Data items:
== Segment start ==

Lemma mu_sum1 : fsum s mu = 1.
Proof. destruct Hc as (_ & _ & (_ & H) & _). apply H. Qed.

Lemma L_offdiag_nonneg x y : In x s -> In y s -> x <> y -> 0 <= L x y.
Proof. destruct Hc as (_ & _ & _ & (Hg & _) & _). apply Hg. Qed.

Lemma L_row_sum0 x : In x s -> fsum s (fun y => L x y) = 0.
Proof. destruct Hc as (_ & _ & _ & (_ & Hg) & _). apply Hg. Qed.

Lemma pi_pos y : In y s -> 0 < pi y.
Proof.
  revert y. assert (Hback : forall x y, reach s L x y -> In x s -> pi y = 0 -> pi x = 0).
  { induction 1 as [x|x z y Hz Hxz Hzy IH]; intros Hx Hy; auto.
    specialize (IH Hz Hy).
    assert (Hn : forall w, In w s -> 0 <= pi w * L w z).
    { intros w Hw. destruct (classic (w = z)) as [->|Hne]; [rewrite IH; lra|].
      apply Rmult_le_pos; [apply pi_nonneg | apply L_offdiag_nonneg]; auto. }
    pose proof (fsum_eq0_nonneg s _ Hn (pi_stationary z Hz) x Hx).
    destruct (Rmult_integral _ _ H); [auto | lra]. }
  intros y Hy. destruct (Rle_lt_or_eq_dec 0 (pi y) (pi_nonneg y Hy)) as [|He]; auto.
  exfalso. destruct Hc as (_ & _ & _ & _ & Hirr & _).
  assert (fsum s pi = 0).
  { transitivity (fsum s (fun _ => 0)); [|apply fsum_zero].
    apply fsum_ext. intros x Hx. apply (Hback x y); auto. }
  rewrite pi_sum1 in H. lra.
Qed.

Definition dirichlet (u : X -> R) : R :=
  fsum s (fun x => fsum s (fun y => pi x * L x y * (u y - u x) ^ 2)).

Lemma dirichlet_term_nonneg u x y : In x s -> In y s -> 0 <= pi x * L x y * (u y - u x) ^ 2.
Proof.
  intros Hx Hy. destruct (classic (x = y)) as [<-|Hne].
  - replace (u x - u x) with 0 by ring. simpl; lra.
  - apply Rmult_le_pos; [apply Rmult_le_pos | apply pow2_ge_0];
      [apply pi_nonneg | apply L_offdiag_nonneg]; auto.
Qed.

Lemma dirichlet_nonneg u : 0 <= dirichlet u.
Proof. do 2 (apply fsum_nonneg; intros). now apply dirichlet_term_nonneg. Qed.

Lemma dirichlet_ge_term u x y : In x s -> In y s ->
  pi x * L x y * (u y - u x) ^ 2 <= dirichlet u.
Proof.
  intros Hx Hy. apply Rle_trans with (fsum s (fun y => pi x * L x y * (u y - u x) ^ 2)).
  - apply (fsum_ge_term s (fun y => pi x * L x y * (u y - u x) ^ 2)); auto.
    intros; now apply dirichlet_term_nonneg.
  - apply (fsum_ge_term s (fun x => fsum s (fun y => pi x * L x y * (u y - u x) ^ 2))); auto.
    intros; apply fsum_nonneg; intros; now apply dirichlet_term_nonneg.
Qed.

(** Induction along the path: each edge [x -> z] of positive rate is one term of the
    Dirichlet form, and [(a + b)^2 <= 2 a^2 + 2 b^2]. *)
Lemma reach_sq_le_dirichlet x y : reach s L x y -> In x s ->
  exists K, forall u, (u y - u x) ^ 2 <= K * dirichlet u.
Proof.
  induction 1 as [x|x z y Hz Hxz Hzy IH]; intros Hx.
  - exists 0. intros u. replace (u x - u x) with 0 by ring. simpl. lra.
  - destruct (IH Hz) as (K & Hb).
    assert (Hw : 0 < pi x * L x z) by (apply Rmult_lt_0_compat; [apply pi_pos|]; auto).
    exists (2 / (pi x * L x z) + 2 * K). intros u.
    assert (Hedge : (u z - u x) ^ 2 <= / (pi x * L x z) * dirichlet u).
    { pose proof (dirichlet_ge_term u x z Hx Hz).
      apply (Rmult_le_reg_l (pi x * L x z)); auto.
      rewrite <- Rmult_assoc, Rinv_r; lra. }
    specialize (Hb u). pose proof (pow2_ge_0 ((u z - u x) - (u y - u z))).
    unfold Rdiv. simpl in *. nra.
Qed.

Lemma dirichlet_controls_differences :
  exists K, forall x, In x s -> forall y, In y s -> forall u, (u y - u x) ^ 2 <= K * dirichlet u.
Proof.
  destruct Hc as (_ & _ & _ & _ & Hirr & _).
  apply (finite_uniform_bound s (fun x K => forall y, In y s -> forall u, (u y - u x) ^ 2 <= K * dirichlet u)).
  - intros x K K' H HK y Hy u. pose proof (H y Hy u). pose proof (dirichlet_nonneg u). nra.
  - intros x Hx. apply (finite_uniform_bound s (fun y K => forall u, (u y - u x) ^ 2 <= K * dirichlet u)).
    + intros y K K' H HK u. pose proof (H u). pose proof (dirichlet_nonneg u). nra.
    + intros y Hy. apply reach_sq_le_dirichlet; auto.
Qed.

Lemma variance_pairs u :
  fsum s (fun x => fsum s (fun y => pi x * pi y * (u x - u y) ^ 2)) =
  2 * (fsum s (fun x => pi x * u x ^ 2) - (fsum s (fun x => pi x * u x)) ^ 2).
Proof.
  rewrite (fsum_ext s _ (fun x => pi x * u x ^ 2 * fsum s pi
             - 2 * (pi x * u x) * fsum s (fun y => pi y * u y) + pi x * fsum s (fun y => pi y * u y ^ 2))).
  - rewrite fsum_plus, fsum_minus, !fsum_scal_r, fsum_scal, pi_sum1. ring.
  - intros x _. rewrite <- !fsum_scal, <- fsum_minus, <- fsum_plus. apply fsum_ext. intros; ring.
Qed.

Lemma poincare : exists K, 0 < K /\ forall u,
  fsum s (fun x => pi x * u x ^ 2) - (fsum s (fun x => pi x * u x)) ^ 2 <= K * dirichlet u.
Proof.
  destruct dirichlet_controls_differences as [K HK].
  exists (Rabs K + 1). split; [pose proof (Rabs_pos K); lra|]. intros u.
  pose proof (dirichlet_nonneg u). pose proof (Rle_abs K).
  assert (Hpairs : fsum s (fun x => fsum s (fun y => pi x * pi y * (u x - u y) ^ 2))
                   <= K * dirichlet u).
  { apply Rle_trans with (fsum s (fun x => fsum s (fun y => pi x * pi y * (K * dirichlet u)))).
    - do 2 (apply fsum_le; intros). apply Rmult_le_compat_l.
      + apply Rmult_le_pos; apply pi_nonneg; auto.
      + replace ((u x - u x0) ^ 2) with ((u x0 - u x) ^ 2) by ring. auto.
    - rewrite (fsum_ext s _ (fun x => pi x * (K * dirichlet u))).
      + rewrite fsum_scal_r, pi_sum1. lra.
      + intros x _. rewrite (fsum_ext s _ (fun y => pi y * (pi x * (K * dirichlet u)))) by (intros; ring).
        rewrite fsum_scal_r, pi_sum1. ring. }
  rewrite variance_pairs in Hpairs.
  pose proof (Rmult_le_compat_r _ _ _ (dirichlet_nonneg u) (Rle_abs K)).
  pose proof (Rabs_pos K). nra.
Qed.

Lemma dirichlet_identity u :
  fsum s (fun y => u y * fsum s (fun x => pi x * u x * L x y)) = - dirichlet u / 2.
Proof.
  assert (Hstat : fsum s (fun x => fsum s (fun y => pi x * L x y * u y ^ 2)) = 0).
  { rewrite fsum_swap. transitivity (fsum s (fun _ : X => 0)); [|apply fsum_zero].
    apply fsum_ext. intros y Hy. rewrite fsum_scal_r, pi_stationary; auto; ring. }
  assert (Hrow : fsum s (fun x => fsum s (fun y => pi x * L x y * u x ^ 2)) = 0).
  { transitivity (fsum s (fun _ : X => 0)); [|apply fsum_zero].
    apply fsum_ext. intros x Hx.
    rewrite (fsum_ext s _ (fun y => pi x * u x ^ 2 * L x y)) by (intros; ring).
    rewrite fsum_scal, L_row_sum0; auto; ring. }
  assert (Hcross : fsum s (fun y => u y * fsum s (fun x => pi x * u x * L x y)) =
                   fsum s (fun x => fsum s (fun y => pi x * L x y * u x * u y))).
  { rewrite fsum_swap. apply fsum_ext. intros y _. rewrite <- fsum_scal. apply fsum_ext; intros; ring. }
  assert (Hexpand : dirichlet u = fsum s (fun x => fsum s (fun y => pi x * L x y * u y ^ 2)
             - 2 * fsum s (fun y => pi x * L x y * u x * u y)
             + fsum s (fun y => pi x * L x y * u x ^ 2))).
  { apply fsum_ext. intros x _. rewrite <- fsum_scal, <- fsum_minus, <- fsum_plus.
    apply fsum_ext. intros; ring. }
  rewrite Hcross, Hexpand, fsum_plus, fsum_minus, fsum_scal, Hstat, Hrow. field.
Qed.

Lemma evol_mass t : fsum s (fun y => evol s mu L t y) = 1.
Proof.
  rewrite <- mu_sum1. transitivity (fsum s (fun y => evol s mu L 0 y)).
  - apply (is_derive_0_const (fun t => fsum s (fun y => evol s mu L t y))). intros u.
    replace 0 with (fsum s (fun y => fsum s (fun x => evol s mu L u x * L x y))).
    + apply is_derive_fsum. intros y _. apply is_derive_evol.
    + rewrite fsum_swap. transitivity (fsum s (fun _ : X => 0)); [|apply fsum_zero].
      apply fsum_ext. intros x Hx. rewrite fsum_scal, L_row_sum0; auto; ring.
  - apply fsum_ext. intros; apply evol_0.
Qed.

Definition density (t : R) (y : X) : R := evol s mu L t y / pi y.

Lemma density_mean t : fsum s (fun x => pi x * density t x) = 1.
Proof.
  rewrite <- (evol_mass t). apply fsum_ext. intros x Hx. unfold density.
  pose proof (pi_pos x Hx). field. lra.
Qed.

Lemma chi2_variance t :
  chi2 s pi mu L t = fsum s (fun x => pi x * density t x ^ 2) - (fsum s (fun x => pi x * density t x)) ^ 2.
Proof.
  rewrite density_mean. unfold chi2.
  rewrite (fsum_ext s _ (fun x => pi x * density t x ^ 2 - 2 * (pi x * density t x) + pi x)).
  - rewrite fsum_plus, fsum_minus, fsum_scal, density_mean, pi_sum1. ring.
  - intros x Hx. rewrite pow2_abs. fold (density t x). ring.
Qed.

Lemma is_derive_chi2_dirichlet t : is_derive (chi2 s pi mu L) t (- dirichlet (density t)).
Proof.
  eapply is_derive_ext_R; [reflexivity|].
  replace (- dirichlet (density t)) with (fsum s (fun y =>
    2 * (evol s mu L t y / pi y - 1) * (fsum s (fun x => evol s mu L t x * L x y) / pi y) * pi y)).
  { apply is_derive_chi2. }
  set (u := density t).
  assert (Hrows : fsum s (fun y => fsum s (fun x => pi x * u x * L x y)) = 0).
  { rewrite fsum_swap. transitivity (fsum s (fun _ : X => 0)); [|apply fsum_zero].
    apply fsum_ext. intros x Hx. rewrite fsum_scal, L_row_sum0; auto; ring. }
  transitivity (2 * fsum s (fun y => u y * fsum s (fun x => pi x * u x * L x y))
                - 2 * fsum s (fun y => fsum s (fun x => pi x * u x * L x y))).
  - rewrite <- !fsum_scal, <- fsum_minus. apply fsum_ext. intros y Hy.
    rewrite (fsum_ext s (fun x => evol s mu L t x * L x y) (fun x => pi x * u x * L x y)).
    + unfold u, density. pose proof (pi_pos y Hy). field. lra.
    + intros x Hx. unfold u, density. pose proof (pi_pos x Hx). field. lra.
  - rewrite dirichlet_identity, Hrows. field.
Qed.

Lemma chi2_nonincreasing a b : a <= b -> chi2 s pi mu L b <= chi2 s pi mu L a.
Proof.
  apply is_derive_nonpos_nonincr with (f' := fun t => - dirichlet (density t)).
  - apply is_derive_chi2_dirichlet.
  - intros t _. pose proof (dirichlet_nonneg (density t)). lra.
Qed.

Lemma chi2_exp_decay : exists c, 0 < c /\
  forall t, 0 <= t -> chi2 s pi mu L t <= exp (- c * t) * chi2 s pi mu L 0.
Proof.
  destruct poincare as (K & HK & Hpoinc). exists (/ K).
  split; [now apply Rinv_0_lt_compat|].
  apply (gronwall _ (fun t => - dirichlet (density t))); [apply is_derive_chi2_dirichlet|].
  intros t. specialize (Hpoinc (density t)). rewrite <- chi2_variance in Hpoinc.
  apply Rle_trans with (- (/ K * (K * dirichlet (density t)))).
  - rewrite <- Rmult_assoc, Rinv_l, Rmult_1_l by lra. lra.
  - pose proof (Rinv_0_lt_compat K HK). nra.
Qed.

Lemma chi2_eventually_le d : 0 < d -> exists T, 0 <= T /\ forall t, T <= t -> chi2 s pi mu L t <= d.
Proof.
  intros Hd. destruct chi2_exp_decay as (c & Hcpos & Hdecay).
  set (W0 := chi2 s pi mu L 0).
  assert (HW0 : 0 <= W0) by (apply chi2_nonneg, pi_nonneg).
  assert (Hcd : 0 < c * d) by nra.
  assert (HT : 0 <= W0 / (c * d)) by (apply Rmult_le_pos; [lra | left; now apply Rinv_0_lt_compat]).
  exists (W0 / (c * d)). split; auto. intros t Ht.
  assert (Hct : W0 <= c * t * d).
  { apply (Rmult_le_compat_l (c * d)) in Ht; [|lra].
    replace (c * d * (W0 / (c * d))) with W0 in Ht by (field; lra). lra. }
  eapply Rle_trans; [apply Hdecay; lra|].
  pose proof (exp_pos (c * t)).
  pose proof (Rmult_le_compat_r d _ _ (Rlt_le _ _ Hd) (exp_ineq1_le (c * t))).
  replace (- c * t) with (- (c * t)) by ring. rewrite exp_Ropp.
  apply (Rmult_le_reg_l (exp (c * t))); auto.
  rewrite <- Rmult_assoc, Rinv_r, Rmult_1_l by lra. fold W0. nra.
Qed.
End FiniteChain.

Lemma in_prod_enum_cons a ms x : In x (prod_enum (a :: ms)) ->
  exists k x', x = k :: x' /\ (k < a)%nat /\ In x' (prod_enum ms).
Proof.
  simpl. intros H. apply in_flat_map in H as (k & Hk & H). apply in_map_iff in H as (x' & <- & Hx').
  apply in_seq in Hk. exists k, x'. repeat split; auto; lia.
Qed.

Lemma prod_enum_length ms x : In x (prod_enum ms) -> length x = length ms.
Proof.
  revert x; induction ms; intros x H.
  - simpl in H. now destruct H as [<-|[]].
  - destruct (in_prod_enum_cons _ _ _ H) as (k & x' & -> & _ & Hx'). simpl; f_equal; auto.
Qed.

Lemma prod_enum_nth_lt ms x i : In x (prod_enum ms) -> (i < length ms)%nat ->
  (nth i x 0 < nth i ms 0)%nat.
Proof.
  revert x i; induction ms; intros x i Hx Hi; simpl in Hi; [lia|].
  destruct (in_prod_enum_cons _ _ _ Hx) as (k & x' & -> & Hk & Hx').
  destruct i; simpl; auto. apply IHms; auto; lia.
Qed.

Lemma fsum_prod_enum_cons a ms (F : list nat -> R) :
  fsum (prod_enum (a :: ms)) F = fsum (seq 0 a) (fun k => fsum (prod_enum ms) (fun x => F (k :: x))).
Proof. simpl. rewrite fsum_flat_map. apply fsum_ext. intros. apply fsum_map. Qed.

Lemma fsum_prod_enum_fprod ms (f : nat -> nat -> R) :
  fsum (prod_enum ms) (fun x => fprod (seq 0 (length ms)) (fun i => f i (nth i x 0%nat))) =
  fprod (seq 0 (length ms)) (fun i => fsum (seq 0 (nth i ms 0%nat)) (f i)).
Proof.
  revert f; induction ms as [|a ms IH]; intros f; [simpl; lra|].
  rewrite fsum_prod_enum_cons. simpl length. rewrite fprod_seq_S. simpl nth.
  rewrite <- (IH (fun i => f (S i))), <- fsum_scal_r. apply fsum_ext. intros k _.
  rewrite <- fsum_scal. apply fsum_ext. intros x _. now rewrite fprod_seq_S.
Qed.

== Segment end ==

**The task**
Looking at the entries above, can you reproduce exactly the lines from the one that holds "specialize (Hb u)." through the one that holds "Lemma poincare : exists", and only those?

**Exercise response**
    specialize (Hb u). pose proof (pow2_ge_0 ((u z - u x) - (u y - u z))).
    unfold Rdiv. simpl in *. nra.
Qed.

Lemma dirichlet_controls_differences :
  exists K, forall x, In x s -> forall y, In y s -> forall u, (u y - u x) ^ 2 <= K * dirichlet u.
Proof.
  destruct Hc as (_ & _ & _ & _ & Hirr & _).
  apply (finite_uniform_bound s (fun x K => forall y, In y s -> forall u, (u y - u x) ^ 2 <= K * dirichlet u)).
  - intros x K K' H HK y Hy u. pose proof (H y Hy u). pose proof (dirichlet_nonneg u). nra.
  - intros x Hx. apply (finite_uniform_bound s (fun y K => forall u, (u y - u x) ^ 2 <= K * dirichlet u)).
    + intros y K K' H HK u. pose proof (H u). pose proof (dirichlet_nonneg u). nra.
    + intros y Hy. apply reach_sq_le_dirichlet; auto.
Qed.

Lemma variance_pairs u :
  fsum s (fun x => fsum s (fun y => pi x * pi y * (u x - u y) ^ 2)) =
  2 * (fsum s (fun x => pi x * u x ^ 2) - (fsum s (fun x => pi x * u x)) ^ 2).
Proof.
  rewrite (fsum_ext s _ (fun x => pi x * u x ^ 2 * fsum s pi
             - 2 * (pi x * u x) * fsum s (fun y => pi y * u y) + pi x * fsum s (fun y => pi y * u y ^ 2))).
  - rewrite fsum_plus, fsum_minus, !fsum_scal_r, fsum_scal, pi_sum1. ring.
  - intros x _. rewrite <- !fsum_scal, <- fsum_minus, <- fsum_plus. apply fsum_ext. intros; ring.
Qed.

Lemma poincare : exists K, 0 < K /\ forall u,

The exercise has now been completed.